◆ Work to complete: Tally the lines of the records that contain the string "Lemma", then give the total and nothing more.

◆ Working data:
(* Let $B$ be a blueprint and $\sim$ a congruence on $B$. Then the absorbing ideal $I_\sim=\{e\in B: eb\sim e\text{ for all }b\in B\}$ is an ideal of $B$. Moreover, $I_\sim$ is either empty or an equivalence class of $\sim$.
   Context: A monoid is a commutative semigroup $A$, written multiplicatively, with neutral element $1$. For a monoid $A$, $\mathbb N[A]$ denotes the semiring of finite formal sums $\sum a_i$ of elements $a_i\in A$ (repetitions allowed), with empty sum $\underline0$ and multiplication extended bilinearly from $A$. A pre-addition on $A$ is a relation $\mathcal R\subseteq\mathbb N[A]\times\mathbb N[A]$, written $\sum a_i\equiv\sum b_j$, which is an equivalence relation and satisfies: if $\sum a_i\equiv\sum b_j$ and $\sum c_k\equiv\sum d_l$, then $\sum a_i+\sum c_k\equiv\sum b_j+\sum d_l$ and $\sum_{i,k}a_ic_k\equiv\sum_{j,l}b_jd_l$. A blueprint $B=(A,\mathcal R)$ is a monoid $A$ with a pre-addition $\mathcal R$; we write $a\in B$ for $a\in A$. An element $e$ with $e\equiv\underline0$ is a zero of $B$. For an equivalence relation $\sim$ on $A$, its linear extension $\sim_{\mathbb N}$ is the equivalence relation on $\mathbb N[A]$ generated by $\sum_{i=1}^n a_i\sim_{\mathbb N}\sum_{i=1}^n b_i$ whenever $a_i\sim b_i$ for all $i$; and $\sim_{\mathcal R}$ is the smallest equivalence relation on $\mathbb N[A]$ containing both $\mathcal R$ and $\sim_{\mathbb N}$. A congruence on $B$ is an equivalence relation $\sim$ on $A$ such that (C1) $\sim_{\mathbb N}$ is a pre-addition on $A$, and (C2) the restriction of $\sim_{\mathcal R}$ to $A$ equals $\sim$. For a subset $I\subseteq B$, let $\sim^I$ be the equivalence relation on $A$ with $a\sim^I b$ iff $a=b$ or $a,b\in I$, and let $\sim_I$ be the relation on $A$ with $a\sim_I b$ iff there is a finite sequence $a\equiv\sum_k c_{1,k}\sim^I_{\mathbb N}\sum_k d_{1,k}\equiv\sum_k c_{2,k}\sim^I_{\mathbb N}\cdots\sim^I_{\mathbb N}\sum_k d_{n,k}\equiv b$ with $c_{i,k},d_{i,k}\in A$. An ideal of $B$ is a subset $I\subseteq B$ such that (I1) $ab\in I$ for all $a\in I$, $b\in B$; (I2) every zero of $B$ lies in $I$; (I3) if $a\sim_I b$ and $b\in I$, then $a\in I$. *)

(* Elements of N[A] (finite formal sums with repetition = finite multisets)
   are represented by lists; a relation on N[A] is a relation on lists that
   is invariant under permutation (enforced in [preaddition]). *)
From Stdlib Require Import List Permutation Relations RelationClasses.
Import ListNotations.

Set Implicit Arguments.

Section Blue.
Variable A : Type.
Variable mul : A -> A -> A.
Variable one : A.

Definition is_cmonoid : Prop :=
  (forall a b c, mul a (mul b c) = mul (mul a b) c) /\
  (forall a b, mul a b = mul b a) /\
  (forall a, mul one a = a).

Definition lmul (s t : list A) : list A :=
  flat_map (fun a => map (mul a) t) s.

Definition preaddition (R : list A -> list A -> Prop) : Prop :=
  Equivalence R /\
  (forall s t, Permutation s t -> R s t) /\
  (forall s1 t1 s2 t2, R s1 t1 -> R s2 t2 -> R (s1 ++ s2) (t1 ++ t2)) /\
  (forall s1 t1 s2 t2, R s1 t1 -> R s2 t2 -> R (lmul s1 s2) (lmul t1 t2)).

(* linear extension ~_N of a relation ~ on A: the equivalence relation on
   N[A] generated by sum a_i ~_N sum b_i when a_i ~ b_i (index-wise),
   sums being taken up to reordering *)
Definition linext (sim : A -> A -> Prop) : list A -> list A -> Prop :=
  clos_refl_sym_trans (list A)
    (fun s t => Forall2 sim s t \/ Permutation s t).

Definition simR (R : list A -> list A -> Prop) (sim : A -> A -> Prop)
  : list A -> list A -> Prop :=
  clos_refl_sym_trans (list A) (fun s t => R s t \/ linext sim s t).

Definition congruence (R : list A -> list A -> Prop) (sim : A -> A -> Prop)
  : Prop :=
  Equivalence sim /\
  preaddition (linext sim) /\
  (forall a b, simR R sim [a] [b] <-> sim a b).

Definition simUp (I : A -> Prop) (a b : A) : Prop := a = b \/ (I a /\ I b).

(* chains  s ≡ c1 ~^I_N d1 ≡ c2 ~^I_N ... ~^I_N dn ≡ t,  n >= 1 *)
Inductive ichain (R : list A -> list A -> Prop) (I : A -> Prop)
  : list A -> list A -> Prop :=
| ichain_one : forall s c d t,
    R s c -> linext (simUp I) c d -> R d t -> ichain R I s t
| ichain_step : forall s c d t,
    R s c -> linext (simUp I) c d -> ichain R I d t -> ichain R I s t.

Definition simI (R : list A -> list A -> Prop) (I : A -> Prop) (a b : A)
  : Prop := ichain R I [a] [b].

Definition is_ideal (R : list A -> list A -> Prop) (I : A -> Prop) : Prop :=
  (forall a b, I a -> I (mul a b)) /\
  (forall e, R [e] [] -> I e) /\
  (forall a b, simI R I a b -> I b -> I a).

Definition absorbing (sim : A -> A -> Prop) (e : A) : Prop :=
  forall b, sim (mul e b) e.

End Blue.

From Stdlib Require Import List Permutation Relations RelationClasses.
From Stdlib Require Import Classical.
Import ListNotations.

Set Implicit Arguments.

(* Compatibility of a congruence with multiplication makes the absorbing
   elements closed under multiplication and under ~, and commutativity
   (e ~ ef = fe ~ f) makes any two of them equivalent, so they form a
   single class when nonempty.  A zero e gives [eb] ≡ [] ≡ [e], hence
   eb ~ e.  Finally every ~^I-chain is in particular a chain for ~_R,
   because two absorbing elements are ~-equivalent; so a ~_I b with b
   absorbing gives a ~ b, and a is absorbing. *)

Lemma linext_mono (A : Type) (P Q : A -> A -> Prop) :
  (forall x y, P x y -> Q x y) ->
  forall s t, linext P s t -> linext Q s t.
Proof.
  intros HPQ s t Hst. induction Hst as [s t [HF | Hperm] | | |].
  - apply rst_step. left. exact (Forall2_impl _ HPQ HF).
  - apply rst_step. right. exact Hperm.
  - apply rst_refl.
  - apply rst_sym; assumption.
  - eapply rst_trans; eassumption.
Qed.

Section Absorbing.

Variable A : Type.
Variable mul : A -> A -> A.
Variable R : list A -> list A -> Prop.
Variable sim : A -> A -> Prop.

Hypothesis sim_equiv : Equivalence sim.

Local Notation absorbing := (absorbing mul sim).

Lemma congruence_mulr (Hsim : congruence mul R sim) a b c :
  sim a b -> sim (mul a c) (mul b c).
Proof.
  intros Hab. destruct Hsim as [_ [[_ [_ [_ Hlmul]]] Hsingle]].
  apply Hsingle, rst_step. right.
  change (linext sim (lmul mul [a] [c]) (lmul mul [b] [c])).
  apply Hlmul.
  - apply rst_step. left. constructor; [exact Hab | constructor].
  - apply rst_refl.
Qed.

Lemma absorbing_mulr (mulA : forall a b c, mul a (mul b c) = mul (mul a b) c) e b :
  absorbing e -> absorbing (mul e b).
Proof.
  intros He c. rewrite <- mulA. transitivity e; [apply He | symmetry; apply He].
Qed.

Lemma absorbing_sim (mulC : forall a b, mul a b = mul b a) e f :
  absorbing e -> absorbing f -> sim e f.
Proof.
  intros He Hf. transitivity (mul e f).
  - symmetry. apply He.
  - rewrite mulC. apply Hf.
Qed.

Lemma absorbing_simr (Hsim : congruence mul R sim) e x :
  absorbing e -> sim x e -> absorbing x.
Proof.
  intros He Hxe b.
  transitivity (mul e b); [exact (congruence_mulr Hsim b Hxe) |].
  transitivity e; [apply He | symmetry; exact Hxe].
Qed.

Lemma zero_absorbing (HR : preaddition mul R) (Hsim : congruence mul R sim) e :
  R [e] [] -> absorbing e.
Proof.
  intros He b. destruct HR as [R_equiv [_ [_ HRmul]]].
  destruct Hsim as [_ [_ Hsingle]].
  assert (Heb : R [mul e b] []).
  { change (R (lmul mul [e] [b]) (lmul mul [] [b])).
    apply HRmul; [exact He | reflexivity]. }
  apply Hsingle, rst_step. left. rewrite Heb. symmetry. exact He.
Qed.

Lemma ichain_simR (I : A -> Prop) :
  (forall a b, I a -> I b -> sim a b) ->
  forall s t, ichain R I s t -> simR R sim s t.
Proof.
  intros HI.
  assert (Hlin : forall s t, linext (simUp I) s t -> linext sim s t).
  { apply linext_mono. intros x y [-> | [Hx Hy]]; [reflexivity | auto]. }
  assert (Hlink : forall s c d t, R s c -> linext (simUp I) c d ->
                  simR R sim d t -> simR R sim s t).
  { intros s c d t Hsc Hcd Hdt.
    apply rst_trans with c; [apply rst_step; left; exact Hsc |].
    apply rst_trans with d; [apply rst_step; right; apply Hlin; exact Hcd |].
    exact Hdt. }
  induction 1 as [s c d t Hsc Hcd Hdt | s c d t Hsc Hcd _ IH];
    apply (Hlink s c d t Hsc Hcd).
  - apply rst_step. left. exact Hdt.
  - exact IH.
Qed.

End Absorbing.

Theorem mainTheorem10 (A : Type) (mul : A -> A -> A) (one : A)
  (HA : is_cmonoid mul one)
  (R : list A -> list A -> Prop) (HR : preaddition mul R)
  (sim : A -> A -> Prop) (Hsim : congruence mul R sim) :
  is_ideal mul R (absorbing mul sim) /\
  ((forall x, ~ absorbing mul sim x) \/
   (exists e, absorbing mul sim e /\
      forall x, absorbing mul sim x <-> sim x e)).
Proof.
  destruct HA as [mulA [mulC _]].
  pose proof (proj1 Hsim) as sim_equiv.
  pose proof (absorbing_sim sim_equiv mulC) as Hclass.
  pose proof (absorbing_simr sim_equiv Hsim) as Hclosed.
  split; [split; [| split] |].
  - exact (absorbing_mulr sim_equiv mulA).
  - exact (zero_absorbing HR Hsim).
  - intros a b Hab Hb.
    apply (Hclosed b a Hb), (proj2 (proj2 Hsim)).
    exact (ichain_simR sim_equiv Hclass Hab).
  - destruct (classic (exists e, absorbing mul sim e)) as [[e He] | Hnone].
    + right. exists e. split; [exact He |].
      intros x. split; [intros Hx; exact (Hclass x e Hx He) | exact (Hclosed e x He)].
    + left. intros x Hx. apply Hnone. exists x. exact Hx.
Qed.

◆ Written answer: 7